No.1 Among Us

A post primarily to recommend a read I’ve not yet completed: Orientations, the autobiography of Sir Ronald Storrs, described by T E Lawrence as “The first of us …. always first, and the great man among us.” Conversely, Storrs a man with as good a handle on the flawed genius – “my little genius” – that was Lawrence as any could.

I’m reading it after Lawrence In Arabia by Scott Anderson, another highly recommended read for anyone with any interest in the 20th century history of the middle-east. Frankly, is there anyone in the 21st century not interested?

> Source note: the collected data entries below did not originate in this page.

(* Let $(X,<)$ be a linearly ordered set. For all ultrafilters $u,v\in\beta X$: $$u\,\tilde<\,v \iff \mathrm{supp}(u)<\mathrm{supp}(v)\ \vee\ \mathrm{supp}(u)=\mathrm{supp}(v)=I_u=I_v,$$ $$u\,\tilde\le\,v \iff \mathrm{supp}(u)<\mathrm{supp}(v)\ \vee\ \mathrm{supp}(u)=\mathrm{supp}(v)=I_u=I_v\ \vee\ \exists x\in X\,(u=v=\tilde x),$$ $$u\,\tilde>\,v \iff \mathrm{supp}(u)>\mathrm{supp}(v)\ \vee\ \mathrm{supp}(u)=\mathrm{supp}(v)=J_u=J_v,$$ $$u\,\tilde\ge\,v \iff \mathrm{supp}(u)>\mathrm{supp}(v)\ \vee\ \mathrm{supp}(u)=\mathrm{supp}(v)=J_u=J_v\ \vee\ \exists x\in X\,(u=v=\tilde x).$$ Consequently, on non-principal ultrafilters, $\tilde<$ coincides with $\tilde\le$ and $\tilde>$ coincides with $\tilde\ge$.
   Context: $(X,<)$ is a linear order, $\le$ its reflexive version, $>$ and $\ge$ the converse relations. $\beta X$ is the set of all ultrafilters over $X$; $\tilde x=\{S\subseteq X:x\in S\}$ for $x\in X$. For a binary relation $R$ on $X$, its ultrafilter extension $\tilde R$ on $\beta X$ is defined by $u\,\tilde R\,v\iff\{x\in X:\{y\in X:x\,R\,y\}\in v\}\in u$. Initial segments are downward closed subsets, final segments upward closed subsets. $I_u=\bigcap\{I\in u: I\text{ initial segment}\}$, $J_u=\bigcap\{J\in u: J\text{ final segment}\}$. For non-principal $u$ exactly one of $I_u\in u$, $J_u\in u$ holds. Supports: if $u=\tilde x$ then $\mathrm{supp}(u)=\{x\}$ (a ''point''); if $u$ is non-principal and $I_u\in u$ then $\mathrm{supp}(u)$ is $I_u$ regarded as a left half-cut (a nonempty initial segment with no greatest element); if $u$ is non-principal and $J_u\in u$ then $\mathrm{supp}(u)$ is $J_u$ regarded as a right half-cut (a nonempty final segment with no least element). Two supports are equal iff they are of the same kind (point/left/right) and equal as sets. The notation ''$\mathrm{supp}(u)=I_u$'' means ''$u$ is non-principal and $I_u\in u$'', and ''$\mathrm{supp}(u)=J_u$'' means ''$u$ is non-principal and $J_u\in u$''; thus $\mathrm{supp}(u)=\mathrm{supp}(v)=I_u=I_v$ means both are non-principal, $I_u\in u$, $I_v\in v$ and $I_u=I_v$ (similarly for $J$). The natural linear order on supports (points $\{x\}$, left half-cuts $I$, right half-cuts $J$): $\{x\}<\{y\}$ iff $x<y$; $\{x\}<I$ iff $x\in I$, and $I<\{x\}$ iff $x\notin I$; $\{x\}<J$ iff $x\notin J$, and $J<\{x\}$ iff $x\in J$; $I<I'$ iff $I\subsetneq I'$; $J<J'$ iff $J\supsetneq J'$; $I<J$ iff $I\cap J=\emptyset$, and $J<I$ iff $I\cap J\neq\emptyset$. Write $\le$ for its reflexive version. *)

From Stdlib Require Import Classical ClassicalEpsilon FunctionalExtensionality PropExtensionality.

Set Implicit Arguments.

Section Defs.
Variable X : Type.

Definition is_ultrafilter (u : (X -> Prop) -> Prop) : Prop :=
  u (fun _ => True) /\
  ~ u (fun _ => False) /\
  (forall S T : X -> Prop, u S -> (forall x, S x -> T x) -> u T) /\
  (forall S T : X -> Prop, u S -> u T -> u (fun x => S x /\ T x)) /\
  (forall S : X -> Prop, u S \/ u (fun x => ~ S x)).

Definition tilde (x : X) : (X -> Prop) -> Prop := fun S => S x.

Definition principal (u : (X -> Prop) -> Prop) : Prop := exists x, u = tilde x.

(* ultrafilter extension of a binary relation *)
Definition ext (R : X -> X -> Prop) (u v : (X -> Prop) -> Prop) : Prop :=
  u (fun x => v (fun y => R x y)).

Variable lt : X -> X -> Prop.

Definition le (x y : X) : Prop := lt x y \/ x = y.
Definition gt (x y : X) : Prop := lt y x.
Definition ge (x y : X) : Prop := le y x.

Definition initial_segment (A : X -> Prop) : Prop :=
  forall a b, A b -> lt a b -> A a.
Definition final_segment (J : X -> Prop) : Prop :=
  forall a b, J a -> lt a b -> J b.

Definition Iu (u : (X -> Prop) -> Prop) : X -> Prop :=
  fun x => forall A, initial_segment A -> u A -> A x.
Definition Ju (u : (X -> Prop) -> Prop) : X -> Prop :=
  fun x => forall J, final_segment J -> u J -> J x.

Inductive support : Type :=
| Pt : X -> support
| LeftCut : (X -> Prop) -> support
| RightCut : (X -> Prop) -> support.

Definition supp (u : (X -> Prop) -> Prop) : support :=
  match excluded_middle_informative (principal u) with
  | left H => Pt (proj1_sig (constructive_indefinite_description _ H))
  | right _ =>
      if excluded_middle_informative (u (Iu u)) then LeftCut (Iu u)
      else RightCut (Ju u)
  end.

Definition supp_lt (s t : support) : Prop :=
  match s, t with
  | Pt x, Pt y => lt x y
  | Pt x, LeftCut K => K x
  | LeftCut K, Pt x => ~ K x
  | Pt x, RightCut J => ~ J x
  | RightCut J, Pt x => J x
  | LeftCut K, LeftCut K' =>
      (forall z, K z -> K' z) /\ exists z, K' z /\ ~ K z
  | RightCut J, RightCut J' =>
      (forall z, J' z -> J z) /\ exists z, J z /\ ~ J' z
  | LeftCut K, RightCut J => forall z, ~ (K z /\ J z)
  | RightCut J, LeftCut K => exists z, K z /\ J z
  end.

End Defs.

From Stdlib Require Import Classical ClassicalEpsilon FunctionalExtensionality PropExtensionality.

(* For ultrafilters u, v we have  u <~ v  iff  u contains the initial segment
   B_v = {x | {y | x < y} ∈ v}.  The proof has three ingredients.
   1. B_v is computed from the support of v: it is {x | x < b} if v = b~, the
      cut I_v if supp(v) = I_v, and the complement of J_v if supp(v) = J_v.
      This rests on the description of I_u and J_u for a non-principal u:
      x ∈ I_u iff {y | x < y} ∈ u, and x ∈ J_u iff {y | y < x} ∈ u.
   2. An initial segment A belongs to u iff supp(u) lies at or below A,
      regarded as a left cut ([supp_le_cut]).
   3. Comparing a support with {x | x < b}, with a left cut, or with the
      complement of a right cut is pure combinatorics of the order on supports.  The relation <=~ differs
   from <~ exactly on the diagonal of principal ultrafilters ([ext_le_split]),
   and the statements for >~ and >=~ follow by applying all of this to the
   reversed order, which exchanges I_u and J_u and left and right cuts. *)

Section Ultrafilter.
Context {X : Type} {u : (X -> Prop) -> Prop} (Hu : is_ultrafilter u).

Lemma uf_mono {S T : X -> Prop} : u S -> (forall x, S x -> T x) -> u T.
Proof. destruct Hu as (_ & _ & Hmono & _); apply Hmono. Qed.

Lemma uf_and {S T : X -> Prop} : u S -> u T -> u (fun x => S x /\ T x).
Proof. destruct Hu as (_ & _ & _ & Hand & _); apply Hand. Qed.

Lemma uf_compl (S : X -> Prop) : u S \/ u (fun x => ~ S x).
Proof. destruct Hu as (_ & _ & _ & _ & Hcompl); apply Hcompl. Qed.

Lemma uf_iff (S T : X -> Prop) : (forall x, S x <-> T x) -> (u S <-> u T).
Proof. intro E; split; intro H; apply (uf_mono H); intro x; apply E. Qed.

Lemma uf_meet {S T : X -> Prop} : u S -> u T -> exists x, S x /\ T x.
Proof.
  intros HS HT. apply NNPP; intro Hdisj.
  destruct Hu as (_ & Hproper & _).
  apply Hproper, (uf_mono (uf_and HS HT)).
  intros x Hx; apply Hdisj; exists x; exact Hx.
Qed.

Lemma uf_union {S T : X -> Prop} : u (fun x => S x \/ T x) -> u S \/ u T.
Proof.
  intro HST.
  destruct (uf_compl S) as [HS | HnS]; [left; exact HS |].
  destruct (uf_compl T) as [HT | HnT]; [right; exact HT |].
  destruct (uf_meet HST (uf_and HnS HnT)) as [x [[Hx | Hx] [HnSx HnTx]]]; contradiction.
Qed.

Lemma uf_point {a : X} : u (fun y => y = a) -> u = tilde a.
Proof.
  intro Ha. extensionality S. apply propositional_extensionality. split.
  - intro HS. destruct (uf_meet HS Ha) as [y [Hy ->]]; exact Hy.
  - intro HS. apply (uf_mono Ha). intros y ->; exact HS.
Qed.

Lemma nonprincipal_avoid (a : X) : ~ principal u -> u (fun y => y <> a).
Proof.
  intro Hn. destruct (uf_compl (fun y => y = a)) as [Ha | Hna]; [| exact Hna].
  exfalso; apply Hn; exists a; exact (uf_point Ha).
Qed.

End Ultrafilter.

Lemma tilde_inj {X : Type} (a b : X) : tilde a = tilde b -> a = b.
Proof.
  intro E. assert (Hb : tilde b (fun y => y = a)) by (rewrite <- E; reflexivity).
  symmetry; exact Hb.
Qed.

Section Supports.
Context {X : Type} (lt : X -> X -> Prop).

Lemma Iu_initial (u : (X -> Prop) -> Prop) : initial_segment lt (Iu lt u).
Proof. intros a b Hb Hab A HA HuA. exact (HA a b (Hb A HA HuA) Hab). Qed.

Lemma Ju_final (u : (X -> Prop) -> Prop) : final_segment lt (Ju lt u).
Proof. intros a b Ha Hab J HJ HuJ. exact (HJ a b (Ha J HJ HuJ) Hab). Qed.

Inductive supp_spec (u : (X -> Prop) -> Prop) : support X -> Prop :=
| SuppPoint (a : X) : u = tilde a -> supp_spec u (Pt a)
| SuppLeft : ~ principal u -> u (Iu lt u) -> supp_spec u (LeftCut (Iu lt u))
| SuppRight : ~ principal u -> ~ u (Iu lt u) -> supp_spec u (RightCut (Ju lt u)).

Lemma suppP (u : (X -> Prop) -> Prop) : supp_spec u (supp lt u).
Proof.
  unfold supp. destruct (excluded_middle_informative (principal u)) as [Hp | Hn].
  - destruct (constructive_indefinite_description _ Hp) as [a Ha]. now constructor.
  - destruct (excluded_middle_informative (u (Iu lt u))); now constructor.
Qed.

Lemma supp_left_cut (u : (X -> Prop) -> Prop) (K : X -> Prop) :
  supp lt u = LeftCut K -> Iu lt u = K.
Proof. destruct (suppP u); congruence. Qed.

Definition well_formed (s : support X) : Prop :=
  match s with
  | Pt _ => True
  | LeftCut K => initial_segment lt K
  | RightCut J => final_segment lt J /\ forall x, J x -> exists y, J y /\ lt y x
  end.

Lemma ext_le_split (u v : (X -> Prop) -> Prop) :
  is_ultrafilter u -> is_ultrafilter v ->
  (ext (le lt) u v <-> ext lt u v \/ exists x, u = tilde x /\ v = tilde x).
Proof.
  intros Hu Hv. destruct (classic (principal v)) as [[b ->] | Hnv].
  - change (u (fun x => lt x b \/ x = b) <->
            u (fun x => lt x b) \/ exists x, u = tilde x /\ tilde b = tilde x).
    split.
    + intro H. destruct (uf_union Hu H) as [Hlt | Heq]; [left; exact Hlt |].
      right; exists b; split; [exact (uf_point Hu Heq) | reflexivity].
    + intros [H | [x [-> Eb]]].
      * apply (uf_mono Hu H); intros x Hx; left; exact Hx.
      * apply tilde_inj in Eb; subst x; right; reflexivity.
  - assert (Hno : ~ exists x, u = tilde x /\ v = tilde x)
      by (intros [x [_ Ev]]; apply Hnv; exists x; exact Ev).
    assert (E : ext (le lt) u v <-> ext lt u v).
    { apply (uf_iff Hu); intro x. split; intro H.
      - apply (uf_mono Hv (uf_and Hv H (nonprincipal_avoid Hv x Hnv))).
        intros y [[Hxy | Hxy] Hyx]; [exact Hxy | congruence].
      - apply (uf_mono Hv H); intros y Hxy; left; exact Hxy. }
    rewrite E; tauto.
Qed.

Storrs interacted – corresponded, met and worked – with everyone – the list of royalty, aristocracy, premiers, politicians, generals, diplomats, adventurers, artists and thinkers is a name-droppers who’s who of 20th century history, worth the read for that alone – but Storrs is no name dropper. Tremendous wit and insight. By way merely of example, a wonderful exposition of his equally wonderful relationship with the much-maligned Kitchener. In our context here you need to know he was in 1917 the first British Governor of Jerusalem (and the putative Palestine, after Balfour, but before the British Mandate) immediately after Allenby had ended 80 years of Turkish rule there. The holy city of the holy land shared with the three Abrahamic religions. Fancy the job? But Storrs had similar periods of responsibility, not to mention power, in London, Cairo, Baghdad and Cyprus too.

Fascinating career, of a fascinating person, in a fascinating period of history – in his own words.

Local petitions were no less ingenuous. I had been appointed not three days before I received from an Orthodox [Christian] Arab an appeal clearly intended to combine a recognition of British conventions with a delicate personal flattery. “I do beseech Your Excellency to grant my request, for the sake of J. Christ, Esq. : a gentleman whom Your Honour so closely resembles.”

So many good anecdotes in the historical narrative. Go read.


I recall where and when I first saw a copy of Orientations, and dipped into it.

I was working in Alexandria and the hotel, like many do, had a small library in the guest lounge. And, also like most such libraries, it was in general not very inspiring, a pretty random collection of donated travel guides and fictions, new and old, English, French and Arabic, but hey, this was Alexandria the home of libraries, where the new Alexandria library was nearing completion.

As a sometime amateur Lawrence scholar, I noticed the name Storrs on the spine of one blue-bound volume, though to be honest at that time I didn’t really appreciate the depth and significance of the connection. The aristocratic and clergy Cust / Storrs family heritage in the early chapters didn’t initially inspire or trigger much further connection to my interest, despite checking that the index did indeed include many Lawrence references later, one amongst the enormous list of names (see above).

I had noticed the book just a couple of days before the end of the assignment, and snatched only a couple of brief introductory reads, but with the promise of the later references, and being the kind of random hotel library it was, I thought – I may as well take it, might be interesting, they probably wouldn’t miss it. However, the staff had been so good to us, I felt just taking it wasn’t the thing to do. So I asked at reception if they’d mind if I took it, or if they wanted I could pay for it, add it to my bill as it were. “No sir, he replied. We have so few worthwhile books in our library so far, we really wouldn’t want to let it go.” Oh well, I thought no more about it.

Until I came across all the Storrs / Lawrence references in the Anderson book.